Most managers have very little incentive to make intelligent-but-with-some-chance-of-looking-like-an-idiot decision. Their personal gain/loss ratio is all too obvious; if an unconventional decision works out well, they get a pat on the back, and if it works out poorly, they get a pink slip. Failing conventionally is the route to go; as a group, lemmings may have a rotten image, but no individual lemming has ever received bad press.

It is easier on your career, your marriage, and your ulcers to swim with the prevailing current than against it. However, for ERM to be effective, occasionally one does have to swim against the tide and run the risk of getting eaten by the sharks.

It Takes a Global Village (of Risk Managers)

Gone are the days when one person (a risk manager, CFO, CEO) can come to grips with all the risks of a single company. Risks in supply chain, in finance, in the environment, and in reputation are global in scope. Company-killer risks exist in the ripples of events like tainted milk in China, failing banks in Iceland, residential real estate prices in the United States, and commodity price volatility from Middle East politics and the illogical acts of terrorists.

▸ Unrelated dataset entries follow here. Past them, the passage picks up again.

(* Let $(\mathbf X_1,\mathbf Y_1)$, $(\mathbf X_2,\mathbf Y_2)$ be general correlated sources and $(\mathbf X,\mathbf Y)$ the mixture $P_{X^nY^n}=\alpha_1P_{X_1^nY_1^n}+\alpha_2P_{X_2^nY_2^n}$ with $\alpha_1,\alpha_2>0$, $\alpha_1+\alpha_2=1$. If for both $i=1,2$ the sequence $\{\frac1n\log\frac1{P_{X_i^n|Y_i^n}(X_i^n|Y_i^n)}\}_{n\ge1}$ satisfies Condition (W), then $\{\frac1n\log\frac1{P_{X^n|Y^n}(X^n|Y^n)}\}_{n\ge1}$ also satisfies Condition (W).
   Context: A general correlated source $\{(X^n,Y^n)\}_{n\ge1}$ is an arbitrary sequence of pairs of random variables on $\mathcal X^n\times\mathcal Y^n$, $\mathcal X,\mathcal Y$ finite or countably infinite (no structural assumptions; marginal probabilities positive). Logs base 2. A sequence $\{Z_n\}$ of discrete real random variables ($Z_n$ taking values in a countable set $\mathcal Z_n$) satisfies Condition (W) if: (i) there is $M<\infty$ with $\mathbb E[Z_n]<M$ for all $n$; and (ii) whenever subsets $\mathcal A_n\subseteq\mathcal Z_n$ satisfy $P_{Z_n}(\mathcal A_n)\to0$, then $\lim_n\sum_{z\in\mathcal A_n}P_{Z_n}(z)|z|=0$. *)

From HB Require Import structures.
From mathcomp Require Import all_boot all_order all_algebra.
From mathcomp Require Import all_classical all_reals all_analysis.
Set Implicit Arguments. Unset Strict Implicit. Unset Printing Implicit Defensive.
Import Order.TTheory GRing.Theory Num.Theory.
Local Open Scope classical_set_scope.
Local Open Scope ring_scope.

Section Defs.
Variable R : realType.

Definition log2 (x : R) : R := ln x / ln 2.

(** Discrete random variable Z = f(T), T with pmf p on a countable type:
    distribution P_Z(z) and P_Z(A) (pushforward). *)
Definition distZ (T : choiceType) (p : T -> R) (f : T -> R) (z : R) : \bar R :=
  \esum_(t in f @^-1` [set z]) (p t)%:E.
Definition probZ (T : choiceType) (p : T -> R) (f : T -> R) (A : set R) : \bar R :=
  \esum_(t in f @^-1` A) (p t)%:E.

Definition expZ (T : choiceType) (p : T -> R) (f : T -> R) : \bar R :=
  (\esum_(z in range f) (distZ p f z * (Num.max z 0)%:E) -
   \esum_(z in range f) (distZ p f z * (Num.max (- z) 0)%:E))%E.

(** Condition (W) for a sequence of discrete random variables
    Z_k = f k (T_k), T_k ~ p k on a countable type Tk k. *)
Definition condW (Tk : nat -> countType) (p : forall k, Tk k -> R)
    (f : forall k, Tk k -> R) : Prop :=
  (exists M : R, forall k, (expZ (p k) (f k) < M%:E)%E) /\
  (forall A : nat -> set R, (forall k, A k `<=` range (f k)) ->
     (fun k => probZ (p k) (f k) (A k)) @ \oo --> 0%E ->
     (fun k => (\esum_(z in A k) (distZ (p k) (f k) z * (`|z|)%:E))%E) @ \oo --> 0%E).
(* Let $d>0$ and $a\geq 7$ be integers with $\gcd(a,d)=1$, and put $s_n=\frac{n}{2}\,[2a+(n-1)d]$ for $1\leq n\leq 4$, i.e. $s_1=a$, $s_2=2a+d$, $s_3=3a+3d$, $s_4=4a+6d$. Then $\{s_1,s_2,s_3,s_4\}$ is a minimal system of generators of the numerical semigroup $\Gamma_4=\langle s_1,s_2,s_3,s_4\rangle$ (no $s_j$ is a nonnegative integer combination of the others).
   Context: A numerical semigroup is a submonoid of $(\mathbb{N},+)$ with finite complement; it has a unique minimal system of generators. *)

From mathcomp Require Import all_boot.
Set Implicit Arguments. Unset Strict Implicit. Unset Printing Implicit Defensive.

(* s_n = n/2 * (2a + (n-1)d); the numerator n*(2a+(n-1)d) is always even. *)
Definition sn (a d n : nat) : nat := (n * (2 * a + (n - 1) * d)) %/ 2.

Definition gens4 (a d : nat) : seq nat := [:: sn a d 1; sn a d 2; sn a d 3; sn a d 4].

Definition in_monoid (G : seq nat) (x : nat) : Prop :=
  exists c : nat -> nat, x = \sum_(i < size G) c i * nth 0 G i.

Definition generates_numerical_semigroup (G : seq nat) : Prop :=
  exists N : nat, forall n : nat, N <= n -> in_monoid G n.

Definition drop_nth (j : nat) (G : seq nat) : seq nat := take j G ++ drop j.+1 G.

Definition minimal_system_of_generators (G : seq nat) : Prop :=
  generates_numerical_semigroup G /\
  (forall j : nat, j < size G -> ~ in_monoid (drop_nth j G) (nth 0 G j)).

From Pilot Require Import Defs.
From mathcomp Require Import all_boot zify.

(* Write the generators in closed form
     s_k = k * a + C(k,2) * d        (k = 1, 2, 3, 4).
   Generation: a and s_2 = 2a + d are coprime, so by Sylvester's argument every
   n >= a * s_2 is a nonnegative combination of a and s_2.
   Minimality: suppose s_m = sum_i c_i s_(k_i) with all parts k_i <> m.
   Collecting the coefficients of a and d gives N a + T d = m a + C(m,2) d with
   N = sum c_i k_i and T = sum c_i C(k_i,2).  Superadditivity of C(.,2) forces
   T <= C(m,2) <= 6 < a, and since gcd(a,d) = 1 the two representations must
   agree: N = m and T = C(m,2).  Then Q = sum c_i k_i^2 = 2T + N = m^2, but every
   part used is at most m - 1, whence Q <= (m - 1) N < m^2, a contradiction. *)

Lemma sn_closed (a d n : nat) : sn a d n = n * a + 'C(n, 2) * d.
Proof.
have bin2_double : 'C(n, 2) * 2 = n * (n - 1).
  by rewrite bin_ffact ffactnS ffactn1 subn1.
rewrite /sn mulnDr [n * (_ * d)]mulnA -bin2_double; lia.
Qed.

Lemma sq_bin2 (k : nat) : k ^ 2 = 'C(k, 2) * 2 + k.
Proof. by elim: k => // k IH; rewrite binS bin1; lia. Qed.

Lemma sylvester (a b n : nat) : 0 < a -> 0 < b -> coprime b a -> a * b <= n ->
  exists x y, n = x * a + y * b.
Proof.
move=> a_gt0 b_gt0 cop nab.
have [u v Bezout _] := egcdnP a b_gt0; rewrite (eqP cop) in Bezout.
(* y is the residue of n * u modulo a, so that y * b = n mod a. *)
set y := (n * u) %% a.
have y_lt_a : y < a by rewrite ltn_mod.
have yb_le_n : y * b <= n.
  by apply: leq_trans nab; rewrite leq_mul2r (ltnW y_lt_a) orbT.
have yb_mod : y * b = n %[mod a].
  by rewrite /y modnMml -mulnA Bezout mulnDr muln1 mulnA modnMDl.
have a_dvd : a %| n - y * b by rewrite -(eqn_mod_dvd _ yb_le_n) yb_mod.
by exists ((n - y * b) %/ a), y; rewrite divnK // subnK.
Qed.

Lemma coprime_repr_unique (a d p q m1 m2 : nat) : coprime a d -> p < a -> q < a ->
  p * d + m1 * a = q * d + m2 * a -> p = q /\ m1 = m2.
Proof.
move=> cop; wlog p_le_q : p q m1 m2 / p <= q.
  move=> W pa qa E; have [p_le_q|/ltnW] := leqP p q; first exact: W.
  by move=> q_le_p; have [-> ->] := W q p m2 m1 q_le_p qa pa (esym E).
move=> pa qa E.
have diff : (q - p) * d = (m1 - m2) * a by rewrite !mulnBl; lia.
have : a %| q - p by rewrite -(Gauss_dvdr _ cop) mulnC diff dvdn_mull.
have [q_eq_p _ | q_gt_p /dvdn_leq] := posnP (q - p); last by lia.
have p_eq_q : p = q by lia.
split=> //; subst q; apply/eqP; rewrite -(@eqn_pmul2r a); last by lia.
by apply/eqP; lia.
Qed.

Section Parts.
Variables (n : nat) (c : nat -> nat) (k : 'I_n -> nat).

Let N := \sum_(i < n) c i * k i.
Let T := \sum_(i < n) c i * 'C(k i, 2).

Lemma part_le_total (i : 'I_n) : 0 < c i -> k i <= N.
Proof.
move=> ci_gt0; apply: leq_trans (leq_pmull _ ci_gt0) _.
by rewrite /N (bigD1 i) //= leq_addr.
Qed.

Lemma sum_sq_parts : \sum_(i < n) c i * k i ^ 2 = T * 2 + N.
Proof.
rewrite /T /N big_distrl -big_split /=; apply: eq_bigr => i _.
by rewrite sq_bin2 mulnDr mulnA.
Qed.

Lemma sum_sq_bounded (B : nat) : (forall i : 'I_n, 0 < c i -> k i <= B) ->
  \sum_(i < n) c i * k i ^ 2 <= B * N.
Proof.
move=> kB; rewrite /N big_distrr; apply: leq_sum => i _.
have [-> // | /kB ki_le_B] := posnP (c i).
by rewrite mulnCA; apply: leq_mul.
Qed.

Lemma bin2_superadditive : T <= 'C(N, 2).
Proof.
have := @sum_sq_bounded N part_le_total.
by rewrite sum_sq_parts -[N * N]/(N ^ 2) sq_bin2 leq_add2r leq_mul2r.
Qed.

Lemma collect_combination (a d : nat) :
  \sum_(i < n) c i * (k i * a + 'C(k i, 2) * d) = N * a + T * d.
Proof.
rewrite /N /T !big_distrl -big_split /=; apply: eq_bigr => i _.
by rewrite mulnDr !mulnA.
Qed.

Lemma no_combination (a d m : nat) : coprime a d -> 0 < m -> 'C(m, 2) < a ->
  (forall i, k i != m) ->
  m * a + 'C(m, 2) * d <> \sum_(i < n) c i * (k i * a + 'C(k i, 2) * d).
Proof.
move=> cop m_gt0 ma k_neq_m; rewrite collect_combination => E.
have a_gt0 : 0 < a by lia.
have T_le : T <= 'C(m, 2).
  have [N_le_m | m_lt_N] := leqP N m.
    exact: leq_trans bin2_superadditive (leq_bin2l _ N_le_m).
  have mN : m * a < N * a by rewrite ltn_pmul2r.
  have lt_d : T * d < 'C(m, 2) * d by lia.
  by move: lt_d; rewrite ltn_mul2r => /andP[_ /ltnW].
have [T_eq N_eq] : T = 'C(m, 2) /\ N = m.
  apply: (coprime_repr_unique _ _ _ _ _ _ cop (leq_ltn_trans T_le ma) ma); lia.
have parts_lt_m : forall i : 'I_n, 0 < c i -> k i <= m.-1.
  by move=> i /part_le_total; rewrite N_eq; have := k_neq_m i; lia.
have := @sum_sq_bounded m.-1 parts_lt_m.
rewrite sum_sq_parts T_eq N_eq -sq_bin2; nia.
Qed.

End Parts.

Lemma drop_nth_map (f : nat -> nat) (j : nat) (s : seq nat) :
  Defs.drop_nth j (map f s) = map f (Defs.drop_nth j s).
Proof. by rewrite /Defs.drop_nth map_cat map_take map_drop. Qed.

Lemma nth_notin_drop_nth (x0 j : nat) (s : seq nat) :
  uniq s -> j < size s -> nth x0 s j \notin Defs.drop_nth j s.
Proof.
move=> s_uniq j_lt; move: s_uniq.
rewrite -{1}(cat_take_drop j s) (seq.drop_nth x0 j_lt) cat_uniq /=.
rewrite /Defs.drop_nth mem_cat negb_or.
by case/and4P=> _ /andP[/negbTE -> _] /negbTE -> _.
Qed.

Lemma in_monoid_map (f : nat -> nat) (s : seq nat) (x : nat) :
  in_monoid (map f s) x -> exists c : nat -> nat,
    x = \sum_(i < size s) c i * f (nth 0 s i).
Proof.
case=> c ->; exists c; rewrite size_map; apply: eq_bigr => i _.
by rewrite (nth_map 0).
Qed.

(* Already a = s_1 and s_2 = 2a + d generate a numerical semigroup. *)
Lemma gens4_numerical (a d : nat) : 0 < a -> coprime a d ->
  generates_numerical_semigroup (gens4 a d).
Proof.
move=> a_gt0 cop; exists (a * sn a d 2) => n n_large.
have cop2 : coprime (sn a d 2) a.
  by rewrite /coprime sn_closed gcdnC gcdnMDl mul1n.
have sn2_gt0 : 0 < sn a d 2 by rewrite sn_closed; lia.
have [x [y ->]] := sylvester _ _ _ a_gt0 sn2_gt0 cop2 n_large.
exists (fun i => if i == 0 then x else if i == 1 then y else 0).
rewrite /gens4 /= !big_ord_recr big_ord0 /= !mul0n !addn0 add0n.
by rewrite [sn a d 1]sn_closed mul1n addn0.
Qed.

Theorem theorem2p1 (a d : nat) :
  0 < d -> 7 <= a -> coprime a d ->
  minimal_system_of_generators (gens4 a d).
Proof.
move=> _ a_ge7 cop; split; first by apply: gens4_numerical => //; lia.
move=> j j_lt4.
have -> : gens4 a d = map (sn a d) (iota 1 4) by [].
rewrite drop_nth_map (nth_map 0) // sn_closed => /in_monoid_map[c].
under eq_bigr do rewrite sn_closed.
apply: (no_combination _ _ _ _ _ _ cop).
- by rewrite nth_iota.
- rewrite nth_iota // add1n.
  by apply: leq_ltn_trans (leq_bin2l 2 j_lt4) (leq_trans _ a_ge7).
- move=> i; apply: (contraNneq _ (nth_notin_drop_nth 0 _ _ (iota_uniq 1 4) j_lt4)).
  by move=> <-; exact: mem_nth.
Qed.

ERM is not a centralized function to be administered at company headquarters, but a management capability and way of thinking that must be global in its scope to be truly effective. The entire leadership of an organization must be attuned to the internal and external risks that can impact an organization across the globe, with an ability to identify and communicate these risks to decision makers without retribution. If a company is depending on one person to be the risk safety net of the organization, ERM will fail, because one person will never know enough.

The Risk of Expertise

Finance, science, the economy, medicine, the environment politics—almost all areas of life, business, and governance is highly specialized, with experts having deep expertise in a particular area. More information is added in a day to the Internet than in some decades of human progress. Not only is it impossible to keep up with it all, it is increasingly hard to be a generalist in one's knowledge. We end up defaulting to the "experts" in a particular area because many times, we have neither the time, experience, nor sheer ability to figure out if they are smoking their own exhaust or not.

Regarding the sophisticated sub-prime collateralized mortgage bonds bought by many very smart, sophisticated banks and investors worldwide, one estimate from a prominent economist is that there are only a few hundred financial analysts or market specialists in the world that truly understand these products, where the risk truly is, and what they are worth. Well, we listened, we thought we understood, and we (and the experts) were wrong. Functional and expert sophistication typically overwhelms the general understanding of decision makers and critical control points.

Conclusion

Enterprise risk management works. It adds tremendous value to organizations large and small, public and private, U.S. and international. However, it is not the end all, and it does not mean that all risks will be eliminated. Sometimes monsters do come out from under the bed in the middle of the night. Sometimes we create the monsters ourselves because we don't examine ourselves to understand where the process of ERM could go wrong.

The above is by no means a complete list of how ERM can fail, but perhaps it will prompt some thinking by all. A healthy skepticism of ERM is always a good thing, and, as with pressure testing our own designs and processes, we get better. I for one am looking forward to learning all I can from the financial chaos of the recent months—at least then perhaps something good might come of it!